Sorry this is long-winded - but I really need some advice and thought I should give the full picture.

Backstory:
I've been feeding 8 feral cats in my backyard. I've already adopted 5 cats (found a home for one - one disappeared.) I'm working on a way to start an association for trap/spay release and care for cats in my small village in France.

In the meantime - I have 2 females who gave birth. One cat came into my studio to have her kittens and she's been in there for 3 weeks. She has 5 kittens that seem to be doing well. I have an appointment Tuesday to have her looked at by the vet and discuss when we can spay that female.

*OK - so on to my urgent issue. *
I have another cat that had kittens in my flower bed in the backyard.
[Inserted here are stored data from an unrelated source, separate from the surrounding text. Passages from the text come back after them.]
(* Consider any instance $\mathcal{I}$ of the online volunteer notification problem (defined in the context) whose inter-activity time distribution $g$ has minimum discrete hazard rate $q$. Then the sparse notification (SN) policy is $\frac{1}{2-q}\left(1-\frac{1}{e}\right)$-competitive, i.e., for every such instance, $\mathbf{POL}_{\mathcal{I}} \ge \frac{1}{2-q}\left(1-\frac{1}{e}\right)\mathbf{LP}_{\mathcal{I}}$, where $\mathbf{POL}_{\mathcal{I}}$ is the expected number of tasks completed by the SN policy.
   Context: Online volunteer notification problem. An instance $\mathcal{I}$ consists of volunteers $[V]=\{1,\dots,V\}$, task types $[S]$, a horizon $T\in\mathbb{N}$, arrival probabilities $\lambda_{s,t}\ge 0$ ($s\in[S],t\in[T]$) with $\sum_{s=1}^S\lambda_{s,t}\le 1$, match probabilities $p_{v,s}\in[0,1]$, and a probability mass function $g$ on the positive integers (inter-activity time distribution) with CDF $G(\tau)=\sum_{i=1}^{\tau}g(i)$, $G(0)=0$. In each period $t$ at most one task arrives: of type $s$ with probability $\lambda_{s,t}$, and none with probability $\lambda_{0,t}:=1-\sum_{s}\lambda_{s,t}$, independently across periods. Each volunteer is at each time active or inactive; all are initially active. When a task arrives, the platform immediately and irrevocably notifies a subset of volunteers. Each notified active volunteer $v$ responds positively to a type-$s$ task independently with probability $p_{v,s}$; the task is completed iff at least one notified active volunteer responds. An active volunteer who is notified at time $t$ becomes inactive (regardless of her response) and becomes active again at time $t+Z$, where $Z$ is drawn independently with $\Pr(Z=\tau)=g(\tau)$; inactive volunteers ignore notifications and are unaffected by them. The platform knows $\lambda,p,g$ but does not observe volunteers' states; an online policy decides whom to notify using only information available up to the current period. $\mathbf{POL}_{\mathcal{I}}$ denotes the expected number of completed tasks. Minimum discrete hazard rate (MDHR): $q=\min_{\tau\in\mathbb{N}}\frac{g(\tau)}{1-G(\tau-1)}$, with $\frac00:=1$. Benchmark: $\mathcal{P}$ is the set of $\mathbf{x}\in\mathbb{R}^{V\times S\times T}$ with $0\le x_{v,s,t}\le 1$ for all $v,s,t$ and $\sum_{\tau=1}^t\sum_{s=1}^S\lambda_{s,\tau}x_{v,s,\tau}(1-G(t-\tau))\le 1$ for all $v,t$. $\mathbf{LP}_{\mathcal{I}}=\max_{\mathbf{x}\in\mathcal{P}}\sum_{t=1}^T\sum_{s=1}^S\lambda_{s,t}\min\{\sum_{v=1}^V x_{v,s,t}p_{v,s},1\}$. A policy is $c$-competitive if $\mathbf{POL}_{\mathcal{I}}\ge c\,\mathbf{LP}_{\mathcal{I}}$ for every instance. Ex ante solution: $f(\mathbf{x})=\sum_{t=1}^T\sum_{s=1}^S\lambda_{s,t}\big(1-\prod_{v=1}^V(1-x_{v,s,t}p_{v,s})\big)$. Let $\mathbf{x}^*_{LP}$ be an optimal solution of $\mathbf{LP}_{\mathcal{I}}$; $\mathbf{x}^*_{AA}$ the output of the procedure (for some $m\in\mathbb{N}$): $\mathbf{x}^0=\mathbf{0}$, for $i=1,\dots,m$: $\mathbf{y}^i\in\arg\max_{\mathbf{x}\in\mathcal{P}}\langle \mathbf{x},\nabla f(\mathbf{x}^{i-1})\rangle$, $\mathbf{x}^i=\mathbf{x}^{i-1}+\mathbf{y}^i/m$, output $\mathbf{x}^m$; and $\mathbf{x}^*_{SQ}$ obtained sequentially for $v=1,\dots,V$: $(x^{SQ}_{v,s,t})_{s,t}$ is an optimal solution of $\max\sum_{t,s}\lambda_{s,t}\big(\prod_{u<v}(1-p_{u,s}x^{SQ}_{u,s,t})\big)p_{v,s}x_{v,s,t}$ subject to $0\le x_{v,s,t}\le1$ and $\sum_{\tau=1}^t\sum_s\lambda_{s,\tau}x_{v,s,\tau}(1-G(t-\tau))\le1$ for all $t$. Then $\mathbf{x}^*\in\arg\max_{\mathbf{x}\in\{\mathbf{x}^*_{LP},\mathbf{x}^*_{AA},\mathbf{x}^*_{SQ}\}}f(\mathbf{x})$. SN policy: Offline, for $v=1,\dots,V$ in order: set $r_{v,s,t}=p_{v,s}\prod_{u=1}^{v-1}(1-\tilde x_{u,s,t}p_{u,s})$, $J_{v,T+1}=0$; for $t=T$ down to $1$: for $s\in[S]$, $\tilde x_{v,s,t}=x^*_{v,s,t}\,\mathbb{I}\{r_{v,s,t}+\sum_{\tau=t+1}^T g(\tau-t)J_{v,\tau}\ge J_{v,t+1}\}$ (with $\tilde x_{v,0,t}=r_{v,0,t}=0$), and $J_{v,t}=\sum_{s=0}^S\lambda_{s,t}\big((1-\tilde x_{v,s,t})J_{v,t+1}+\tilde x_{v,s,t}(r_{v,s,t}+\sum_{\tau=t+1}^T g(\tau-t)J_{v,\tau})\big)$. Online: when a task of type $s$ arrives at time $t$, notify each volunteer $v$ independently with probability $\tilde x_{v,s,t}$. *)

From HB Require Import structures.
From mathcomp Require Import all_boot all_order all_algebra.
From mathcomp Require Import all_classical all_reals all_analysis.
Set Implicit Arguments. Unset Strict Implicit. Unset Printing Implicit Defensive.
Import Order.TTheory GRing.Theory Num.Theory.
Local Open Scope ring_scope.

(* Conventions:
   - volunteers are indexed by naturals v in {0,..,V-1} (processed in this
     order, i.e. volunteer v+1 of the paper is v here);
   - task types are s : 'I_S (the "no task" type 0 of the paper is handled
     separately through lam0);
   - periods are naturals t in {1,..,T}, as in the paper;
   - a point of R^{V x S x T} is a function  nat -> 'I_S -> nat -> R,
     of which only the entries with v < V and 1 <= t <= T matter. *)

Section VolunteerNotification.
Variable R : realType.
Variables (V S T : nat).
Variable lam : 'I_S -> nat -> R.
Variable p : nat -> 'I_S -> R.
Variable g : nat -> R.             (* pmf on positive integers *)

Definition vec := nat -> 'I_S -> nat -> R.

Definition Gc (k : nat) : R := \sum_(1 <= i < k.+1) g i.

Definition lam0 (t : nat) : R := 1 - \sum_(s < S) lam s t.

(* minimum discrete hazard rate, with 0/0 := 1 *)
Definition hazard (tau : nat) : R :=
  if 1 - Gc tau.-1 == 0 then 1 else g tau / (1 - Gc tau.-1).

Definition IsMDHR (q : R) : Prop :=
  (exists tau, (0 < tau)%N /\ hazard tau = q) /\
  (forall tau, (0 < tau)%N -> q <= hazard tau).

Definition feasv (y : 'I_S -> nat -> R) : Prop :=
  (forall s t, (1 <= t <= T)%N -> 0 <= y s t <= 1) /\
  (forall t, (1 <= t <= T)%N ->
     \sum_(1 <= tau < t.+1) \sum_(s < S) lam s tau * y s tau * (1 - Gc (t - tau)) <= 1).

Definition inP (x : vec) : Prop := forall v, (v < V)%N -> feasv (x v).

Definition LPobj (x : vec) : R :=
  \sum_(1 <= t < T.+1) \sum_(s < S)
     lam s t * Num.min (\sum_(v < V) x v s t * p v s) 1.

Definition IsLPopt (x : vec) : Prop :=
  inP x /\ forall y, inP y -> LPobj y <= LPobj x.

Definition fobj (x : vec) : R :=
  \sum_(1 <= t < T.+1) \sum_(s < S)
     lam s t * (1 - \prod_(v < V) (1 - x v s t * p v s)).

Definition upd (x : vec) (v : nat) (s : 'I_S) (t : nat) (r : R) : vec :=
  fun v' s' t' => if [&& v' == v, s' == s & t' == t] then r else x v' s' t'.

Definition partial_f (x : vec) (v : nat) (s : 'I_S) (t : nat) : R :=
  derive1 (fun r => fobj (upd x v s t r)) (x v s t).

Definition inner_grad (y x : vec) : R :=
  \sum_(v < V) \sum_(s < S) \sum_(1 <= t < T.+1) y v s t * partial_f x v s t.

(* x is an output of the (continuous greedy) procedure with parameter m *)
Definition IsAA (m : nat) (x : vec) : Prop :=
  exists (xs ys : nat -> vec),
    xs 0%N = (fun _ _ _ => 0) /\
    (forall i, (1 <= i <= m)%N ->
       [/\ inP (ys i),
           (forall y, inP y -> inner_grad y (xs i.-1) <= inner_grad (ys i) (xs i.-1)) &
           xs i = (fun v s t => xs i.-1 v s t + ys i v s t / m%:R)]) /\
    x = xs m.

Definition SQobj (x : vec) (v : nat) (y : 'I_S -> nat -> R) : R :=
  \sum_(1 <= t < T.+1) \sum_(s < S)
     lam s t * (\prod_(u < v) (1 - p u s * x u s t)) * p v s * y s t.

Definition IsSQ (x : vec) : Prop :=
  forall v, (v < V)%N ->
    feasv (x v) /\ (forall y, feasv y -> SQobj x v y <= SQobj x v (x v)).

Definition IsXstar (x xLP xAA xSQ : vec) : Prop :=
  [/\ x = xLP \/ x = xAA \/ x = xSQ,
      fobj xLP <= fobj x, fobj xAA <= fobj x & fobj xSQ <= fobj x].

Definition cont (J : nat -> R) (t : nat) : R :=
  \sum_(t.+1 <= tau < T.+1) g (tau - t) * J tau.

Definition sel (xv r : 'I_S -> nat -> R) (J : nat -> R) (s : 'I_S) (t : nat) : R :=
  xv s t * (if J t.+1 <= r s t + cont J t then 1 else 0).

(* Jf xv r n : the values J_tau for tau > T - n (tau <= T+1), J_{T+1} = 0 *)
Fixpoint Jf (xv r : 'I_S -> nat -> R) (n : nat) : nat -> R :=
  match n with
  | 0%N => fun _ => 0
  | n'.+1 =>
      let J := Jf xv r n' in
      let t := (T - n')%N in
      fun tau =>
        if tau == t then
          \sum_(s < S) lam s t *
             ((1 - sel xv r J s t) * J t.+1 + sel xv r J s t * (r s t + cont J t))
          + lam0 t * J t.+1
        else J tau
  end.

Definition xtil_of (xv r : 'I_S -> nat -> R) (s : 'I_S) (t : nat) : R :=
  sel xv r (Jf xv r T) s t.

Section SNx.
Variable xs : vec.

Fixpoint pre (v : nat) : 'I_S -> nat -> R :=
  match v with
  | 0%N => fun _ _ => 1
  | v'.+1 => fun s t =>
      pre v' s t *
      (1 - xtil_of (xs v') (fun s' t' => p v' s' * pre v' s' t') s t * p v' s)
  end.

Definition xtil (v : nat) (s : 'I_S) (t : nat) : R :=
  xtil_of (xs v) (fun s' t' => p v s' * pre v s' t') s t.

(* State a : 'I_V -> nat, volunteer v is active at time t iff a v <= t.
   When a notified active volunteer's inter-activity time Z is drawn at t,
   the outcome is encoded by k : 'I_T.+1 :  k = 0 means Z > T - t (she does
   not come back within the horizon), k >= 1 means Z = k. *)
Definition zweight (act : bool) (t : nat) (k : 'I_T.+1) : R :=
  if act then
    (if (val k == 0)%N then 1 - Gc (T - t)
     else if (val k <= T - t)%N then g k else 0)
  else (if (val k == 0)%N then 1 else 0).

Definition newstate (a : 'I_V -> nat) (N : {set 'I_V}) (t : nat)
   (z : {ffun 'I_V -> 'I_T.+1}) : 'I_V -> nat :=
  fun v => if (v \in N) && (a v <= t)%N then
             (if (val (z v) == 0)%N then T.+1 else (t + z v)%N)
           else a v.

(* W n a : expected number of tasks completed in periods T-n+1,...,T,
   starting at period T-n+1 in state a *)
Fixpoint W (n : nat) (a : 'I_V -> nat) : R :=
  match n with
  | 0%N => 0
  | n'.+1 =>
      let t := (T - n')%N in
      \sum_(s < S) lam s t *
        \sum_(N : {set 'I_V})
          (\prod_(v in N) xtil v s t) * (\prod_(v in ~: N) (1 - xtil v s t)) *
          ((1 - \prod_(v in N | (a v <= t)%N) (1 - p v s)) +
           \sum_(z : {ffun 'I_V -> 'I_T.+1})
              (\prod_(v : 'I_V) zweight ((v \in N) && (a v <= t)%N) t (z v)) *
              W n' (newstate a N t z))
      + lam0 t * W n' a
  end.

(* POL: all volunteers initially active *)
Definition POL_SN : R := W T (fun _ => 0%N).

End SNx.

End VolunteerNotification.

(* By concavity, 1 - exp(-z) >= (1 - 1/e) min(z, 1), hence
   (1 - 1/e) LP <= f(x_LP) <= f(xstar).  Telescoping 1 - prod_v (1 - y_v) over
   the volunteers splits f(xstar) into credits lam xstar_v r_v, where
   r_v = p_v prod_(u<v) (1 - xtilde_u p_u) is the probability that v is the
   first volunteer to respond.  The dynamic program J_v of volunteer v notifies
   only when the credit beats the loss of continuation value; a charging
   argument, using the constraint of P and the hazard-rate bound
   1 - G(k+1) <= (1 - q) (1 - G(k)), shows that J_v(1) collects at least a
   1/(2 - q) fraction of v's credit.  Finally, by backward induction over the
   periods, the expected number of tasks completed by SN dominates
   sum_v J_v(1): when a task arrives, the completion probability is at least
   the sum of the first-success probabilities of the active notified
   volunteers, and each volunteer's next state is drawn as in J_v. *)

From HB Require Import structures.
From mathcomp Require Import all_boot all_order all_algebra.
From mathcomp Require Import all_classical all_reals all_analysis.
From mathcomp Require Import ring lra zify.
Set Implicit Arguments.
Unset Strict Implicit.
Unset Printing Implicit Defensive.

Import Order.TTheory GRing.Theory Num.Theory numFieldNormedType.Exports.
Local Open Scope classical_set_scope.
Local Open Scope ring_scope.

Section TriangularSums.
Variable M : nmodType.

Lemma exchange_big_nat_triangle (a b : nat) (F : nat -> nat -> M) :
  \sum_(a <= t < b) \sum_(t.+1 <= u < b) F t u =
  \sum_(a <= u < b) \sum_(a <= t < u) F t u.
Proof.
elim: b => [|b IH]; first by rewrite !big_geq.
have [ab|ba] := leqP a b; last by rewrite !big_geq.
rewrite big_nat_recr //= [in RHS]big_nat_recr //= -IH.
rewrite [X in _ + X]big_geq // addr0 -big_split /=.
by apply: eq_big_nat => t /andP[_ tb]; rewrite big_nat_recr.
Qed.

Lemma exchange_big_nat_triangle_le (a b : nat) (F : nat -> nat -> M) :
  \sum_(a <= u < b) \sum_(a <= t < u.+1) F t u =
  \sum_(a <= t < b) \sum_(t <= u < b) F t u.
Proof.
rewrite (eq_big_nat _ _ (fun u au => big_nat_recr _ _ _ (andP au).1)) /=.
rewrite big_split /= -exchange_big_nat_triangle -big_split /=.
by apply: eq_big_nat => t /andP[_ tb]; rewrite [RHS]big_ltn // addrC.
Qed.

End TriangularSums.

Lemma telescope_sumr_to0 {M : zmodType} (J : nat -> M) (a n : nat) :
  J n = 0 -> (a <= n)%N -> \sum_(a <= u < n) (J u - J u.+1) = J a.
Proof.
move=> Jn0 an; rewrite (telescope_sumr_eq (fun k => - J k)) // ?Jn0 ?oppr0 ?opprK ?add0r //.
by move=> k _; rewrite opprK addrC.
Qed.

(* Each [A t] is charged to the decrement [J t - J t.+1] plus a [y t]-share of
   the later decrements; a decrement at [u] receives total share at most
   [1 - q], which is where the factor [2 - q] comes from. *)
Lemma sum_le_charging (R : realFieldType) (T : nat) (q : R) (J A y G : nat -> R) :
  J T.+1 = 0 ->
  (forall t, (1 <= t <= T)%N -> 0 <= J t - J t.+1) ->
  (forall t, (1 <= t <= T)%N -> A t <= J t - J t.+1 +
     y t * \sum_(t.+1 <= u < T.+1) (J u - J u.+1) * (1 - G (u - t)%N)) ->
  (forall u, (1 <= u <= T)%N -> \sum_(1 <= t < u) y t * (1 - G (u - t)%N) <= 1 - q) ->
  \sum_(1 <= t < T.+1) A t <= (2 - q) * J 1%N.
Proof.
move=> JT0 dJ_ge0 A_le share_le.
have sum_dJ := @telescope_sumr_to0 _ J 1 _ JT0 (ltn0Sn T).
apply: le_trans (_ : _ <= \sum_(1 <= t < T.+1) (J t - J t.+1 +
  y t * \sum_(t.+1 <= u < T.+1) (J u - J u.+1) * (1 - G (u - t)%N))) _.
  by apply: ler_sum_nat => t; rewrite -ltnS; apply: A_le.
rewrite big_split /= sum_dJ.
under eq_bigr do rewrite mulr_sumr.
rewrite exchange_big_nat_triangle.
have -> : (2 - q) * J 1%N = J 1%N + (1 - q) * J 1%N by ring.
rewrite lerD2l -sum_dJ mulr_sumr; apply: ler_sum_nat => u uT.
have {}uT : (1 <= u <= T)%N by rewrite -ltnS.
rewrite (eq_bigr (fun t => (J u - J u.+1) * (y t * (1 - G (u - t)%N)))); last by move=> t _; ring.
by rewrite -mulr_sumr [X in _ <= X]mulrC ler_wpM2l ?dJ_ge0 ?share_le.
Qed.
I swooped up mother and kittens (who were covered in dirt) and made a bed in my garden shed. 2 kittens died, but one lived. I've been feeding mom 4 times a day and made them a safe bed - that kitten is 11 days old.

*Here's what I need help with.*
Mom was taking great care of kitten - I knew they were covered in fleas, but wasn't sure what to do - I have a vet appointment Tuesday to get advice on what I could put on them. In the past day - mom seems to be paying less attention to kitten. I go outside and mom is lounging in the shade while baby is crying inside. Also - the kitten is SWARMING with fleas! It's also really hot outside. I did my best to cover the garden shed windows with curtains to block the sun - but it's warmish. 

This is rural France and Monday is a holiday - nothing is going to be open until Tuesday unless I call my vet at home - and she's might not think a stray cat with fleas constitutes an emergency!

I already have 4 cats, 2 dogs in the house - plus our guest mom cat, so bringing another mom in is going to be tricky. I don't know if I should take the kitten inside and bathe her and keep her inside and feed her formula? I did buy some formula yesterday just in case.

*I just don't know if it's worse to take the kitten from mom in case she isn't taking care of it and try to get some of the fleas off the kitten and syringe feed it - or if I should leave her with her mom and wait for Tuesday morning for the vet's advice. 
*
Bring in both and bathe both? May totally stress out mom cat. Help! :fust


----------



## bluemilk (Oct 3, 2005)

SACRE BLEU! 

You're not having a dull summer, are you? If you can, MAYBE try to bring in mom and kitten? I don't know HOW they'll react if you try to bathe either, or both of them.

Giving a domestic a bath is challenge enough... Have you bathed a feral before?

btw, is today a saint's feast day?


----------